What is MCP, and why should you care?
The Model Context Protocol (MCP) is an open standard created by Anthropic that lets AI agents connect to external tools and data sources through a unified interface. Think of it as USB-C for AI: one protocol, any agent. Instead of building custom integrations for Claude, GPT, Gemini, and every other model, you build one MCP server and every compatible agent can use it.
MCP defines a simple contract. Your server exposes tools (functions the AI can call) and resources (data the AI can read). The agent discovers what's available, reads the descriptions, and decides when to use them. The transport layer is pluggable -- stdio for local tools, SSE or HTTP for remote ones.
The protocol is gaining traction fast. Claude Desktop, Cursor, Windsurf, and dozens of other clients already support it. If you have an API that AI agents should be able to use, wrapping it in MCP is one of the highest-leverage things you can do right now.

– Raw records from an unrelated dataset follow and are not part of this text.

(* Let a regular triangular grid in $\mathbb{R}^2$ with grid-size parameter $h$ be given, and consider the scalar steady conservation law $\partial_x f(u)+\partial_y g(u)=s(x,y)$ with smooth flux ${\bf f}=(f,g)$ and smooth source $s$. At an interior node $j$ define the U-MUSCL-SSQ residual $$Res_j=\frac{1}{V_j}\sum_{k\in\{k_j\}}\phi_{jk}A_{jk}-\tilde s_j,\qquad \tilde s_j=\frac1{V_j}\sum_{k\in\{k_j\}}\psi_{jk}V_{jk},$$ with $\phi_{jk}=\tfrac12[f_n(u_L)+f_n(u_R)]-\tfrac12\hat D_n(u_R-u_L)$, $f_n={\bf f}\cdot\hat{\bf n}_{jk}$, $\hat D_n=|\partial f_n/\partial u|$ evaluated at an intermediate state, $u_L=u_j+\tfrac{\kappa}{2}(u_k-u_j)+\tfrac{1-\kappa}{2}\overline\nabla u_j\cdot({\bf x}_k-{\bf x}_j)$, $u_R=u_k-\tfrac{\kappa}{2}(u_k-u_j)-\tfrac{1-\kappa}{2}\overline\nabla u_k\cdot({\bf x}_k-{\bf x}_j)$ with $\kappa=1/2$, $V_{jk}=\tfrac14({\bf x}_k-{\bf x}_j)\cdot{\bf n}_{jk}$, and $$\psi_{jk}=\kappa_s\frac{s_j+s_k}{2}+(1-\kappa_s)\Big[s_j+\tfrac12\overline\nabla s_j\cdot({\bf x}_k-{\bf x}_j)\Big],\qquad s_j=s({\bf x}_j).$$ If $\kappa_s=1/4$, then for every smooth exact solution $u$ (with $u_j=u({\bf x}_j)$), the truncation error satisfies $TE_j=Res_j=O(h^3)$; more precisely, $Res_j=\frac{1}{48V_j}[Q_{xx}+Q_{yy}+Q_{xy}]\,r_j+O(h^3)$ with $r=\partial_xf+\partial_yg-s$, $Q_{xx}=\sum_k n_x\Delta x^3\,\partial_{xx}$, $Q_{yy}=\sum_k n_y\Delta y^3\,\partial_{yy}$, $Q_{xy}=\sum_k 3n_x\Delta x^2\Delta y\,\partial_{xy}$, where $\Delta x=x_k-x_j$, $\Delta y=y_k-y_j$, ${\bf n}_{jk}=(n_x,n_y)$.
   Context: Grid: a triangular grid is regular if every (interior) node has an identical compact stencil of edge-connected neighbors, the stencil is symmetric with respect to the central node (point symmetric), and it is translation invariant: for any edge-connected nodes $j,k$ the stencil of $j$ translated along the edge $jk$ coincides with the stencil of $k$ (examples: right-isosceles triangles from splitting squares, equilateral triangles; any linear image of a regular grid is regular). $h$ denotes the grid scale (the grid is $h$ times a fixed reference regular grid). Discretization: node-centered edge-based method on the median dual mesh; $\{k_j\}$ is the set of edge-connected neighbors of $j$, $V_j$ is the area of the median dual cell of $j$, ${\bf n}_{jk}$ is the directed-area vector of the dual face associated with edge $jk$ (sum of the two dual face segments from the edge midpoint to the centroids of the two adjacent triangles, oriented from $j$ to $k$), $A_{jk}=|{\bf n}_{jk}|$, $\hat{\bf n}_{jk}={\bf n}_{jk}/A_{jk}$. The gradients $\overline\nabla u_j$, $\overline\nabla s_j$ are nodal gradients computed by a linear least-squares fit over edge-connected neighbors. The truncation error $TE_j$ is $Res_j$ evaluated with the exact solution values at nodes. *)

From Stdlib Require Import Reals Lra List.
Import ListNotations.
From Coquelicot Require Import Coquelicot.
Open Scope R_scope.

Definition smooth1 (f : R -> R) : Prop :=
  forall (n : nat) (x : R), ex_derive (Derive_n f n) x.

Definition px (F : R -> R -> R) : R -> R -> R :=
  fun x y => Derive (fun t => F t y) x.
Definition py (F : R -> R -> R) : R -> R -> R :=
  fun x y => Derive (fun t => F x t) y.

Fixpoint iterD (w : list bool) (F : R -> R -> R) : R -> R -> R :=
  match w with
  | nil => F
  | b :: w' => (if b then px else py) (iterD w' F)
  end.

Definition smooth2 (F : R -> R -> R) : Prop :=
  forall w : list bool,
    (forall x y, ex_derive (fun t => iterD w F t y) x /\
                 ex_derive (fun t => iterD w F x t) y) /\
    (forall z : R * R, continuous (fun z' : R * R => iterD w F (fst z') (snd z')) z).
(* With fewer than [n] colours two leaves share a colour; swap them. *)
Lemma star_distinguishing_number : distinguishing_number e = n.
Proof.
apply/eqP; rewrite eqn_leq; apply/andP; split.
  have [S hres hS] := star_resolving.
  by have := distinguishing_number_resolving hres; rewrite hS cardT prednK //; apply.
apply: distinguishing_number_ge; first by rewrite cardT.
move=> k hk col.
case: (boolP [forall u in leaves, forall v in leaves, (col u == col v) ==> (u == v)]).
  move=> /forall_inP hinj; have : #|leaves| <= #|'I_k|.
    apply: (@leq_card_in _ _ col) => u v hu hv h.
    by apply/eqP; move/forall_inP/(_ v hv)/implyP: (hinj u hu); apply; apply/eqP.
  by rewrite card_ord card_leaves leqNgt hk.
rewrite negb_forall_in => /exists_inP[u hu]; rewrite negb_forall_in => /exists_inP[v hv].
rewrite negb_imply => /andP[/eqP hcol huv]; move: hu hv; rewrite !inE => hu hv.
rewrite /distinguishing negb_forall; apply/existsP; exists (tperm u v); rewrite negb_imply.
apply/andP; split.
  apply/andP; split; first by apply: star_aut; rewrite tpermD // eq_sym.
  by apply/forallP => x; apply/eqP; case: tpermP => [->|->|].
by apply/eqP => /permP /(_ u); rewrite tpermL perm1 => h; rewrite h eqxx in huv.
Qed.

Lemma star_D_dim : distinguishing_number e = (metric_dim e).+1.
Proof. by rewrite star_distinguishing_number star_metric_dim prednK. Qed.

End StarInvariants.
Theorem mainTheorem11 (n k i : nat) :
  ~~ odd n -> (1 <= k)%N -> (k <= n./2)%N -> (1 <= i)%N -> (i <= n./2)%N ->
  \sum_(0 <= j < k.+1)
     qbinom (qX ^+ 2) (n./2 - i) j
     * qX ^ (2 * (k%:Z - j%:Z) ^+ 2 - (k%:Z - j%:Z) + (n%:Z - 1) * j%:Z - 1)
     * (qpoch (qX ^ (n%:Z + 2 - 4 * k%:Z + 2 * j%:Z)) (qX ^+ 2) (2 * k - 2 * j)
        / qpoch qX qX (2 * k - 2 * j))
  =
  qX ^ (2 * k%:Z ^+ 2 - k%:Z - 1)
  * \sum_(0 <= r < (2 * k).+1)
      qbinom qX (n - 2 * i) r
      * qX ^ ((2 * k%:Z - r%:Z) * (n%:Z - 2 * i%:Z - r%:Z))
      * ((\prod_(0 <= m < 2 * k - r)
            (1 - qX ^ (2 * (i%:Z + r%:Z + 1 - 2 * k%:Z + m%:Z))))
         / \prod_(1 <= m < (2 * k - r).+1) (1 - qX ^+ m)).
Proof.
move=> n_even _ _ _ le_i_half.
have [a ->] : exists a, n = (2 * (a + i))%N.
  exists (n./2 - i)%N; move: (odd_double_half n).
  by rewrite (negbTE n_even) add0n -mul2n; lia.
rewrite mul2n doubleK addnK -mul2n (_ : (2 * (a + i) - 2 * i = 2 * a)%N); last by lia.
rewrite !big_mkord.
under eq_bigr => j _ do rewrite (@q2sum_term_explicit _ _ qX_neq0 a i k j (ltn_ord j)).
under [in RHS]eq_bigr => r _ do rewrite (@qsum_term_explicit _ _ qX_neq0 a i k r (ltn_ord r)).
by rewrite -mulr_sumr -q2sum_trunc -qsum_trunc (q2sum_qsum _ qX_neq0 qX_nonroot).
Qed.
Lemma sandwich_tens_prod (A B A' B' : finType)
    (L : 'I_n -> A' -> A -> algC) (M : 'I_n -> B' -> B -> algC) (Z : 'I_n -> bop A' B') :
  sandwich (tens_map L) (tens_map M) (tens_prod Z) =2
  tens_prod (fun k => sandwich (L k) (M k) (Z k)).
Proof.
move=> x' y'; rewrite /tens_prod.
under [RHS]eq_bigr do rewrite sandwichE.
rewrite prod_sum4 /sandwich sum_pair; apply: eq_bigr => xa _; apply: eq_bigr => xb _.
rewrite sum_pair; apply: eq_bigr => ya _; apply: eq_bigr => yb _ /=.
rewrite /tens_map !rmorphM !rmorph_prod /=.
under [RHS]eq_bigr do rewrite rmorphM.
by rewrite !big_split /=; ring.
Qed.

End TensorPower.

Section ProductVectors.
Variables A B : finType.

Lemma mulmx_le1E m n r (U : 'M[algC]_(m, r)) (V : 'M[algC]_(r, n)) i j :
  (r <= 1)%N -> (U *m V) i j = (\sum_k U i k) * (\sum_k V k j).
Proof. by case: r U V => [|[|r]] U V // _; rewrite mxE ?big_ord0 ?mul0r // !big_ord1. Qed.

Lemma schmidt_rank_le1P (phi : bvec A B) :
  (schmidt_rank phi <= 1)%N -> exists e f, phi =1 prod_vec e f.
Proof.
rewrite /schmidt_rank; set P := \matrix_(i, j) _ => rkP.
exists (fun a => \sum_k col_base P (enum_rank a) k).
exists (fun b => \sum_k row_base P k (enum_rank b)).
by move=> [a b]; rewrite /prod_vec /= -mulmx_le1E // mulmx_base mxE !enum_rankK.
Qed.

Lemma qform_ptrans_prod_vec (X : bop A B) (e : A -> algC) (f : B -> algC) :
  qform (ptrans X) (prod_vec e f) = qform X (prod_vec e (fun b => (f b)^*)).
Proof.
rewrite /qform sum_pair [RHS]sum_pair; apply: eq_bigr => a1 _.
rewrite exchange_big sum_pair [RHS]exchange_big [RHS]sum_pair.
apply: eq_bigr => a2 _; rewrite [RHS]exchange_big.
apply: eq_bigr => b2 _; apply: eq_bigr => b1 _.
by rewrite /prod_vec /ptrans /= !rmorphM /= conjCK; ring.
Qed.

Lemma nonneg_on_rank2_ptrans (X : bop A B) :
  psd X -> pseudo_one_copy_undistillable X -> nonneg_on_rank2 (ptrans X).
Proof.
move=> X_psd X_und phi.
rewrite leq_eqVlt => /orP[/eqP rk2|/schmidt_rank_le1P[e [f ef]]]; first exact: X_und.
by rewrite (eq_qformr _ ef) qform_ptrans_prod_vec; apply: X_psd.
Qed.

End ProductVectors.

Section Mixing.
Variables (A B : finType) (n : nat) (X : bop A B) (z : A * B).
Hypothesis X_zz_gt0 : 0 < X z z.
Implicit Type o : option ((A -> algC) * (B -> algC)).

Definition copy_op o : bop A B :=
  if o is Some (e, f) then proj (prod_vec e f) else X.

Definition copy_scale o : algC := if o is Some _ then X z z else 1.

Definition copy_map_l o : A -> A -> algC :=
  if o is Some (e, _) then fun a a' => (a == z.1)%:R * (e a')^*
  else fun a a' => (a == a')%:R.

Definition copy_map_r o : B -> B -> algC :=
  if o is Some (_, f) then fun b b' => (b == z.2)%:R * (f b')^*
  else fun b b' => (b == b')%:R.
Lemma zariski_closure_hadamard S T U :
  (forall z, U z -> exists x y a,
     [/\ S x, T y, nonzero_vec (hadamard x y), a != 0 & z = fun i => a * hadamard x y i]) ->
  (forall x y, S x -> T y -> exists z a,
     [/\ U z, a != 0 & hadamard x y = fun i => a * z i]) ->
  (forall x, S x -> nonzero_vec x) -> (forall y, T y -> nonzero_vec y) ->
  zariski_closure U = hadamard_prod (zariski_closure S) (zariski_closure T).
Proof.
move=> Usplit STmul Snz Tnz; apply/seteqP; split.
- apply: zariski_closure_sub => _ /Usplit[x [y [a [Sx Ty nxy a0 ->]]]].
  apply: zariski_closureZ a0 _; apply: sub_zariski_closure => [z [? [? [_ [_ []]]]]|] //.
  exists x, y; split; first exact: sub_zariski_closure.
  by split; [exact: sub_zariski_closure | split].
- apply: zariski_closure_sub => _ [x [y [[_ clSx] [[_ clTy] [-> nz]]]]].
  split => // d p hp pU.
  have pST x' y' : S x' -> T y' -> peval p (hadamard x' y') = 0.
    move=> Sx' Ty'; have [z [a [Uz a0 ->]]] := STmul _ _ Sx' Ty'.
    by rewrite (peval_homogZ _ _ hp) (pU z Uz) mulr0.
  have pclS y' : T y' -> peval p (hadamard x y') = 0.
    move=> Ty'; rewrite -peval_subst_hadamard.
    apply: (clSx d); first exact: homog_subst_hadamard.
    by move=> x' Sx'; rewrite peval_subst_hadamard; exact: pST.
  rewrite hadamardC -peval_subst_hadamard.
  apply: (clTy d); first exact: homog_subst_hadamard.
  by move=> y' Ty'; rewrite peval_subst_hadamard hadamardC; exact: pclS.
Qed.

End ZariskiClosure.

Section Normalize.
Variables (R : realType) (I : finType).
Implicit Types g : I -> R.

Definition normalize g : I -> R := fun i => g i / \sum_j g j.

Lemma normalizeZ g C : C != 0 -> normalize (fun i => g i * C) = normalize g.
Proof.
move=> C0; apply: funext => i; rewrite /normalize -mulr_suml invfM.
by rewrite mulrACA mulfV // mulr1.
Qed.

Lemma normalize_id g : \sum_i g i = 1 -> normalize g = g.
Proof. by move=> g1; apply: funext => i; rewrite /normalize g1 divr1. Qed.

Lemma sumr_gt0 (i0 : I) g : (forall i, 0 < g i) -> 0 < \sum_i g i.
Proof.
move=> gp; rewrite (bigD1 i0) //=; apply: ltr_pwDl (gp i0) _.
by apply: sumr_ge0 => i _; exact: ltW.
Qed.

Lemma normalize_gt0 (i : I) g : (forall j, 0 < g j) -> 0 < normalize g i.
Proof. by move=> gp; rewrite divr_gt0 // (sumr_gt0 i). Qed.

Lemma normalize_open_simplex (i0 : I) g :
  (forall i, 0 < g i) -> open_simplex (normalize g).
Proof.
move=> gp; split => [i|]; first exact: normalize_gt0.
by rewrite /normalize -mulr_suml mulfV // gt_eqF // (sumr_gt0 i0).
Qed.

End Normalize.

Section ModelHadamardPow.
Variables (R : realType) (I : finType) (i0 : I) (M : set (I -> R)).
Hypothesis M_simplex : M `<=` @open_simplex R I.

Local Notation "M ^[ k ]" := (model_hadamard_pow M k) (at level 2, format "M ^[ k ]").

Lemma model_hadamard_pow1 : M^[1] = M.
Proof.
have norm1 (ps : 'I_1 -> I -> R) :
    (fun i => (\prod_(l < 1) ps l i) / \sum_j \prod_(l < 1) ps l j) = normalize (ps ord0).
  by apply: funext => i; rewrite /normalize big_ord1; under eq_bigr do rewrite big_ord1.
apply/seteqP; split => [_ [ps [Mps ->]] | p Mp].
  by have [_ ps1] := M_simplex (Mps ord0); rewrite norm1 normalize_id.
by exists (fun=> p); have [_ p1] := M_simplex Mp; rewrite norm1 normalize_id.
Qed.

Lemma prod_model_gt0 k (ps : 'I_k -> I -> R) i :
  (forall l, M (ps l)) -> 0 < \prod_(l < k) ps l i.
Proof.
by move=> Mps; apply: prodr_gt0 => l _; have [ps_gt0 _] := M_simplex (Mps l).
Qed.

Lemma model_hadamard_pow_gt0 k p : M^[k] p -> forall i, 0 < p i.
Proof. by move=> [ps [Mps ->]] i; apply: normalize_gt0 => j; exact: prod_model_gt0. Qed.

Why visa requirements are perfect for MCP
Here's a problem every travel-focused AI agent has: visa requirements. Ask an LLM whether a Brazilian passport holder needs a visa for Japan, and you'll get an answer -- but it might be wrong. Models rely on training data that's months or years old, and visa policies change constantly. Thailand just launched a new 60-day visa exemption. Turkey updated its e-visa rules. The model doesn't know.
Visa data is structured, query-driven, and time-sensitive. It's exactly the kind of information that should come from a live API, not from parametric memory. An MCP server bridges that gap: the agent recognizes a visa question, calls the tool, and gets current data from a real database.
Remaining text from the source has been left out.